Finding Nemo
With
Finding Nemo Pixar
outdoes themselves once again. The gorgeous underwater animation is so vibrant, so creative (ranging from the eye poppingly colorful, hyper-real reefhome of the clownfish, to a ghostly World War 2 underwater minefield, complete with a decaying Reich u-boat), that I left the movie craving not to visit the South Pacific but to drive to Emeryville and snorkel around inside the Pixar computers-not the mention their staff’s ingenious brains. However, the movie does confirm the itchy suspicion that the animation studio’s talent at designing the quirkiest characters inside the film world (toys and bugs are great, but the squids and rays and seagulls in
Nemo mark a new level of personification), finding the cutest gags, and somehow continually pushing their technology forward, are all increasing in proportion with Pixar’s recent inability to spin a compelling narrative.

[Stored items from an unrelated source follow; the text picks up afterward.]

Let tint_join_factor hi (B : set (n.+1.-tuple V)) (g : V * k.-tuple V -> \bar R) :
  measurable B -> depends_only k.+1 hi B -> measurable_fun setT g -> (forall z, 0 <= g z)%E ->
  tint piV (fun a => tint piV (fun b => (\1_B (join a b))%:E * g (nth point (val b) 0, a) *
    (lik predT (val (join a b)))%:E))%E =
  tint piV (fun b => (\1_B (join a0 b))%:E * (suffix_lik b)%:E *
    tint piV (fun a => g (nth point (val b) 0, a) * (prefix_lik (nth point (val b) 0, a))%:E))%E.
Proof.
move=> mB dB mg g0.
have mb0 : measurable_fun setT (fun z : k.-tuple V * (n.+1 - k).-tuple V => nth point (val z.2) 0).
  exact: measurableT_comp (measurable_nth _ 0) measurable_snd.
rewrite -(tint_swap_mul piV _ _ (fun b => (\1_B (join a0 b))%:E * (suffix_lik b)%:E)%E
  (fun z => g (nth point (val z.2) 0, z.1) * (prefix_lik (nth point (val z.2) 0, z.1))%:E)%E).
- congr tint; apply/funext => a; congr tint; apply/funext => b.
  rewrite (indic_join _ _ dB) lik_join EFinM /=.
  by rewrite [(_ * (suffix_lik b)%:E)%E in LHS]muleC muleACA.
- apply: emeasurable_funM; apply/measurable_EFinP; last exact: measurable_suffix_lik.
  exact: measurableT_comp (measurable_indic _) (measurable_join_snd a0).
- apply: emeasurable_funM.
    exact: measurableT_comp mg (measurable_fun_pair mb0 measurable_fst).
  apply/measurable_EFinP.
  exact: measurableT_comp measurable_prefix_lik (measurable_fun_pair mb0 measurable_fst).
- by move=> b; rewrite mule_ge0 ?lee_fin ?indic_ge0 ?lik_ge0.
- by move=> z; rewrite mule_ge0 ?lee_fin ?prefix_lik_ge0.
Qed.

Lemma PE_backward_kernel hi (A : set V) (B : set (n.+1.-tuple V)) :
  (0 < k)%N -> measurable A -> measurable B -> depends_only k.+1 hi B ->
  PE piV K q (fun v => (\1_B v * \1_A (tnth v (inord k.-1)))%:E) y =
  PE piV K q (fun v => (\1_B v)%:E * backward_kernel (tnth v (inord k)) A)%E y.
Proof.
move=> k_gt0 mA mB dB.
have mkernel := measurable_backward_kernel _ mA.
rewrite !PE_tint; last 4 first.
- apply: emeasurable_funM; first exact/measurable_EFinP/measurable_indic.
  exact: measurableT_comp mkernel (measurable_tnth _).
- by move=> v; rewrite mule_ge0 ?lee_fin ?indic_ge0.
- apply/measurable_EFinP/measurable_funM; first exact: measurable_indic.
  exact: measurableT_comp (measurable_indic _) (measurable_tnth _).
- by move=> v; rewrite lee_fin mulr_ge0 ?indic_ge0.
rewrite !tint_join.
under eq_fun do under eq_fun do rewrite join_prefix // EFinM.
under [in RHS]eq_fun do under eq_fun do rewrite join_suffix.
rewrite (tint_join_factor _ _ (fun z => (\1_A (nth point (val z.2) k.-1))%:E) mB dB);
  last 2 first.
- apply/measurable_EFinP.
  exact: measurableT_comp (measurable_indic _) (measurableT_comp (measurable_nth _ _) measurable_snd).
- by move=> z; rewrite lee_fin indic_ge0.
rewrite (tint_join_factor _ _ (fun z => backward_kernel z.1 A) mB dB) //; last first.
  exact: measurableT_comp mkernel measurable_fst.
congr tint; apply/funext => b; congr (_ * _)%E.
rewrite /= ge0_tintZl //; last 2 first.
- apply/measurable_EFinP.
  exact: measurableT_comp measurable_prefix_lik (measurable_fun_pair _ _).
- by move=> a; rewrite lee_fin prefix_lik_ge0.
rewrite -backward_densityT; apply/esym/mnormalize_mul_setT.
exact: backward_density_setT.
Qed.

End split.

Section minorization.
Hypotheses (kn : (0 < k <= n)%N) (qk : (q <= k)%N).

Let mprefix w : measurable_fun setT (fun a => (prefix_lik (w, a))%:E).
Proof.
apply/measurable_EFinP.
exact: measurableT_comp measurable_prefix_lik (measurable_fun_pair _ _).
Qed.

Let mindic (B : set V) : measurable B ->
  measurable_fun setT (fun a : k.-tuple V => (\1_B (nth point (val a) k.-1) : R)%:E).
Proof.
move=> mB; apply/measurable_EFinP.
exact: measurableT_comp (measurable_indic _) (measurable_nth _ _).
Qed.

Lemma inner_density_setT : (0 < inner_density setT < +oo)%E.
Proof.
rewrite inner_densityT; apply: (tint_lik_bounds _ _ (fun a : k.-tuple V => val a)).
exact: measurable_seq_val.
Qed.

Lemma backward_density_le_inner w :
  (backward_density w setT <= inner_density setT)%E.
Proof.
rewrite inner_densityT backward_densityT; apply: ge0_le_tint => //.
- by apply/measurable_EFinP; exact: measurable_inner_lik.
- by move=> a; rewrite lee_fin prefix_lik_ge0.
- by move=> a; case/andP: (prefix_lik_bounds w a kn qk) => _; rewrite lee_fin.
Qed.

Lemma inner_density_le_backward w B : measurable B ->
  ((nu k)%:E * inner_density B <= backward_density w B)%E.
Proof.
have nu_ge0 : 0 <= nu k by case/andP: kn => k_gt0 _; rewrite ltW // nu_pos.
have minner : measurable_fun setT (fun a => (inner_lik a)%:E).
  by apply/measurable_EFinP; exact: measurable_inner_lik.
move=> mB; rewrite -ge0_tintZl //; last 2 first.
- by apply: emeasurable_funM; [exact: mindic | exact: minner].
- by move=> a; rewrite mule_ge0 ?lee_fin ?indic_ge0 ?inner_lik_ge0.
apply: ge0_le_tint => [||a|a].
- apply: emeasurable_funM => //; apply: emeasurable_funM; [exact: mindic | exact: minner].
- by apply: emeasurable_funM; [exact: mindic | exact: mprefix].
- by rewrite !mule_ge0 ?lee_fin ?indic_ge0 ?inner_lik_ge0.
rewrite muleCA -!EFinM lee_fin ler_wpM2l ?indic_ge0 //.
by case/andP: (prefix_lik_bounds w a kn qk).
Qed.

Lemma backward_kernel_minorization : exists mu : probability V R,
  forall A, measurable A -> forall w, ((nu k)%:E * mu A <= backward_kernel w A)%E.
Proof.
exists (mnormalize inner_density piV) => A mA w.
apply: le_mnormalize => //.
- by case/andP: kn => k_gt0 _; rewrite ltW // nu_pos.
- exact: backward_density_setT.
- exact: inner_density_setT.
- exact: backward_density_le_inner.
- by move=> B mB; exact: inner_density_le_backward.
Qed.

End minorization.

End backward_kernel.

End likelihood.

Theorem lemma4 (R : realType) (d : measure_display) (V : measurableType d)
    (piV : probability V R) (X : finType) (n : nat)
    (K : nat -> X -> V -> V -> R) (nu : nat -> R)
    (hn : (1 <= n)%N)
    (Kmeas : forall i x, (1 <= i)%N ->
       measurable_fun [set: V * V] (fun p : V * V => K i x p.1 p.2))
    (Kprob : forall i v w, (1 <= i)%N -> \sum_(x : X) K i x v w = 1)
    (nu_pos : forall i, (1 <= i)%N -> 0 < nu i)
    (H2 : forall i x v w, (1 <= i)%N -> nu i <= K i x v w <= 1) :
  forall q : nat, (1 <= q <= n)%N ->
  exists Kc : nat -> n.-tuple X -> V -> probability V R,
    (* kernels: measurable in the conditioning point *)
    (forall k y A, (1 <= k < n)%N -> measurable A ->
        measurable_fun [set: V] (fun w : V => Kc k y w A)) /\
    (* conditionally on X_{q:n}, (V_n,...,V_1) is Markov with kernels Kc:
       Kc k (V_{k+1}) A = P(V_k in A | V_{k+1:n}, X_{q:n})
                        = P(V_k in A | V_{k+1}, X_{q:n}) *)
    (forall k, (1 <= k < n)%N ->
        cond_version piV K q k k.+1 n (Kc k) /\
        cond_version piV K q k k.+1 k.+1 (Kc k)) /\
    (* minorization for q <= k < n *)
    (forall k, (q <= k < n)%N -> forall y : n.-tuple X,
        exists mu : probability V R, forall A, measurable A -> forall w,
          ((nu k)%:E * mu A <= Kc k y w A)%E) /\
    (* independence from the conditioning for 1 <= k < q *)
    (forall k, (1 <= k < q)%N -> forall y w A, measurable A ->
        Kc k y w A = piV A).
Proof.
move=> q /andP[q_gt0 _].
exists (fun k y => backward_kernel piV X n K Kmeas nu nu_pos H2 q y k).
split; [|split; [|split]].
- by move=> k y A _ mA; exact: measurable_backward_kernel.
- move=> k /andP[k_gt0 /ltnW kn].
  by split=> y A B mA mB dB; apply: PE_backward_kernel => //; exact: dB.
- move=> k /andP[qk kn] y; apply: backward_kernel_minorization => //.
  by rewrite (leq_trans q_gt0 qk) ltnW.
- by move=> k kq y w A mA; exact: backward_kernel_lt_q.
Qed.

Finding Nemo's plot marks an all time low in both originality and thematic potential, where a clownfish’s (voiced by Albert Brooks) quest to find his kidnapped son is merely an excuse to pair him up with another fish, Dory (Ellen DeGeneres), and, in typical screwball comedy manner, push them along a continual parade of off-the-wall creatures and situations. Some of them work, like the contempt pelicans feel for the single-minded
seagulls, and some do not, like making seaturtles into some sort of mid-90s surfer dude impression. Regardless of the placid story and life lessons, the movie is a riot, and DeGeneres’ fish, which suffers from a comical form of
Memento’s short-term memory loss, is by far the funniest lead Pixar has come up with since
Toy Story. The film also hints at the possible evolution of Pixar love stories-where usually their films push towards the value of friendship (
Toy Story and
Bug’s Life), or parental love (
Monster’s Inc. and most of
Finding Nemo), the platonic relationship that springs up between the charmingly dizzy Dory and the clichéd neurotic clownfish hints that perhaps Pixar will take their film’s somewhere more mature next time around, where their preference for roadtrip screwballery lends particularly well for mismatched love stories.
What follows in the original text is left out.